The $17 million lottery win that led to a murder was called a curse
Abraham Shakespeare was a laborer who won $17 million. This was the start of a "curse" that led to him going missing and being killed.
I found an article about an Australian lottery winner that linked to a story called "The Lottery Curse" four years ago.
People who win a lot of money in the lottery are cursed, and within a year, 90% of them have no friends, no family, and no money.
I couldn't believe it at first, so I started looking into it. Then I read about Dorice Donegan "Dee-Dee" Moore and Abraham Lee Shakespeare, two Americans.
Mr. Shakespeare, who was 43, worked as a casual worker. In 2006, he won $US17 million in the Florida lottery, which was part of a $US30 million win.
His family reported him missing in 2009, and in January 2010, his body was found in Moore's backyard, buried under a concrete slab. On December 10, 2012, the 40-year-old was found guilty of killing him and given a sentence of life in prison without the chance of parole.
Two stories that are very different
Moore and I have talked and done interviews over the past four years. She has always said she was innocent, and ever since she was found guilty, she has been trying to clear her name.
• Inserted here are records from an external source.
(* The top digits of [s^j * n + r] are those of [n], the other [j] digits are [< p]. *)
Lemma adigits_block j n r : r < s ^ j -> adigits (s ^ j * n + r) < p ^ j * (adigits n + 1).
Proof.
  revert r. induction j as [|j IH]; intros r Hr.
  - simpl in *. replace r with 0 by lia. rewrite Nat.add_0_r, Nat.add_0_r. lia.
  - assert (Hr' : r / s < s ^ j) by (apply Nat.Div0.div_lt_upper_bound; simpl in Hr; lia).
    assert (Hmod : r mod s < s) by (apply Nat.mod_upper_bound; lia).
    assert (E : s ^ S j * n + r = s * (s ^ j * n + r / s) + r mod s).
    { rewrite Nat.pow_succ_r', (Nat.div_mod r s) at 1 by lia. ring. }
    assert (0 < p ^ S j) by (apply Nat.neq_0_lt_0, Nat.pow_nonzero; lia).
    destruct (Nat.eq_dec (s ^ S j * n + r) 0) as [Z|Z].
    { rewrite Z. change (adigits 0) with 0. nia. }
    rewrite E, adigits_digit by lia.
    pose proof (IH _ Hr'). pose proof (hmap_lt_p _ Hmod). rewrite Nat.pow_succ_r'. nia.
Qed.

Lemma adigits_mul_s n : p * adigits n <= adigits (s * n).
Proof.
  destruct n as [|n]; [change (adigits 0) with 0; lia|].
  replace (s * S n) with (s * S n + 0) by lia. rewrite adigits_digit by lia. lia.
Qed.

Lemma adigits_mul_pow j n : p ^ j * adigits n <= adigits (s ^ j * n).
Proof.
  induction j as [|j IH]; [rewrite !Nat.pow_0_r, !Nat.mul_1_l; lia|].
  rewrite !Nat.pow_succ_r', <- !Nat.mul_assoc.
  pose proof (adigits_mul_s (s ^ j * n)). nia.
Qed.

Local Open Scope R_scope.
Local Notation alpha := (logsp p s).

Lemma ln_INR_s_pos : 0 < ln (INR s).
Proof. rewrite <- ln_1. apply ln_increasing; [lra | apply lt_1_INR; lia]. Qed.

Lemma logsp_mul_ln : alpha * ln (INR s) = ln (INR p).
Proof. unfold logsp. pose proof ln_INR_s_pos. field. lra. Qed.

Lemma logsp_ge_1 : 1 <= alpha.
Proof.
  pose proof ln_INR_s_pos. pose proof logsp_mul_ln.
  assert (ln (INR s) < ln (INR p)) by (apply ln_increasing; [apply lt_0_INR | apply lt_INR]; lia).
  nra.
Qed.

Lemma logsp_le_p : alpha <= INR p.
Proof.
  pose proof ln_INR_s_pos. pose proof logsp_mul_ln.
  assert (ln (INR p) < INR p * ln (INR s)).
  { rewrite <- ln_pow, <- pow_INR by (apply lt_0_INR; lia).
    apply ln_increasing; [apply lt_0_INR; lia | apply lt_INR].
    apply Nat.lt_le_trans with (2 ^ p)%nat.
    - apply Nat.pow_gt_lin_r. lia.
    - apply Nat.pow_le_mono_l. lia. }
  nra.
Qed.

Lemma Rpower_INR_s : Rpower (INR s) alpha = INR p.
Proof. unfold Rpower. rewrite logsp_mul_ln. apply exp_ln, lt_0_INR. lia. Qed.

Lemma Rpower_scale k y : 0 < y -> Rpower (INR s ^ k * y) alpha = INR p ^ k * Rpower y alpha.
Proof.
  intros Hy. assert (Hs0 : 0 < INR s) by (apply lt_0_INR; lia).
  induction k as [|k IH]; [simpl; now rewrite !Rmult_1_l|].
  simpl. rewrite Rmult_assoc, <- Rpower_mult_distr, IH, Rpower_INR_s.
  - ring.
  - exact Hs0.
  - apply Rmult_lt_0_compat; [apply pow_lt|]; lra.
Qed.

Lemma Rpower_le_compat y z : 0 < y <= z -> Rpower y alpha <= Rpower z alpha.
Proof. intros. apply Rle_Rpower_l; auto. pose proof logsp_ge_1. lra. Qed.

Lemma Rpower_ge_self y : 1 <= y -> y <= Rpower y alpha.
Proof.
  intros. rewrite <- (Rpower_1 y) at 1 by lra. apply Rle_Rpower; auto. apply logsp_ge_1.
Qed.

Lemma Rpower_bernoulli r : 0 < r <= 1 -> 1 - INR p * (1 - r) <= Rpower r alpha.
Proof.
  intros Hr. eapply Rle_trans; [apply pow_bernoulli; lra|].
  rewrite <- Rpower_pow by lra. unfold Rpower.
  assert (ln r <= 0).
  { destruct (Req_dec r 1) as [->|]; [rewrite ln_1; lra|].
    rewrite <- ln_1. left. apply ln_increasing; lra. }
  pose proof logsp_le_p.
  destruct (Req_dec (INR p * ln r) (alpha * ln r)) as [E|E]; [rewrite E; lra|].
  left. apply exp_increasing. nra.
Qed.

Lemma Rpower_pred_ge z : 1 < z -> Rpower z alpha * (1 - INR p / z) <= Rpower (z - 1) alpha.
Proof.
  intros Hz.
  replace (z - 1) with (z * ((z - 1) / z)) by (field; lra).
  rewrite <- Rpower_mult_distr by (try apply Rdiv_lt_0_compat; lra).
  apply Rmult_le_compat_l; [left; apply Rpower_gt_0|].
  replace (1 - INR p / z) with (1 - INR p * (1 - (z - 1) / z)) by (field; lra).
  apply Rpower_bernoulli. split; [apply Rdiv_lt_0_compat; lra|].
  apply Rdiv_le_of_le_mul; lra.
Qed.

Lemma div_Rpower_pred a z : 0 <= a -> 1 < z ->
  a / Rpower (z - 1) alpha * (1 - INR p / z) <= a / Rpower z alpha.
Proof.
  intros Ha Hz. pose proof (Rpower_pred_ge z Hz).
  pose proof (Rpower_gt_0 z alpha). pose proof (Rpower_gt_0 (z - 1) alpha).
  apply Rle_div_of_mul_le; auto.
  replace (a / Rpower (z - 1) alpha * (1 - INR p / z) * Rpower z alpha)
    with (a / Rpower (z - 1) alpha * (Rpower z alpha * (1 - INR p / z))) by ring.
  apply Rle_trans with (a / Rpower (z - 1) alpha * Rpower (z - 1) alpha).
  - apply Rmult_le_compat_l; auto. apply Rle_div_of_mul_le; lra.
  - right. field. lra.
Qed.

Lemma bseq_adigits n : (1 <= n)%nat -> bseq p s A n = INR (adigits n) / Rpower (INR n) alpha.
Proof. intros. unfold bseq. now rewrite aseq_adigits. Qed.

Lemma bseq_pos n : (1 <= n)%nat -> 0 < bseq p s A n.
Proof.
  intros Hn. rewrite bseq_adigits by exact Hn. apply Rdiv_lt_0_compat; [|apply Rpower_gt_0].
  apply lt_0_INR. pose proof (adigits_ge n). lia.
Qed.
Moore, who is now 50 years old, says she first met Abraham when she told a friend she wanted to write a book and was looking for a good story. It's not enough to say that she found one.
She says that someone told her that in the year after Mr. Shakespeare won the lottery, he spent all of the money and had very little left. But she says she started to think something more sinister was going on not long after she met him.
Moore says that Mr. Shakespeare lent money to people he thought were drug dealers in order to protect it from a lawsuit he was in with a former coworker who said Mr. Shakespeare stole the winning lottery ticket from him.
Moore says he gave it to drug dealers because they could borrow and return large amounts of money "under the table."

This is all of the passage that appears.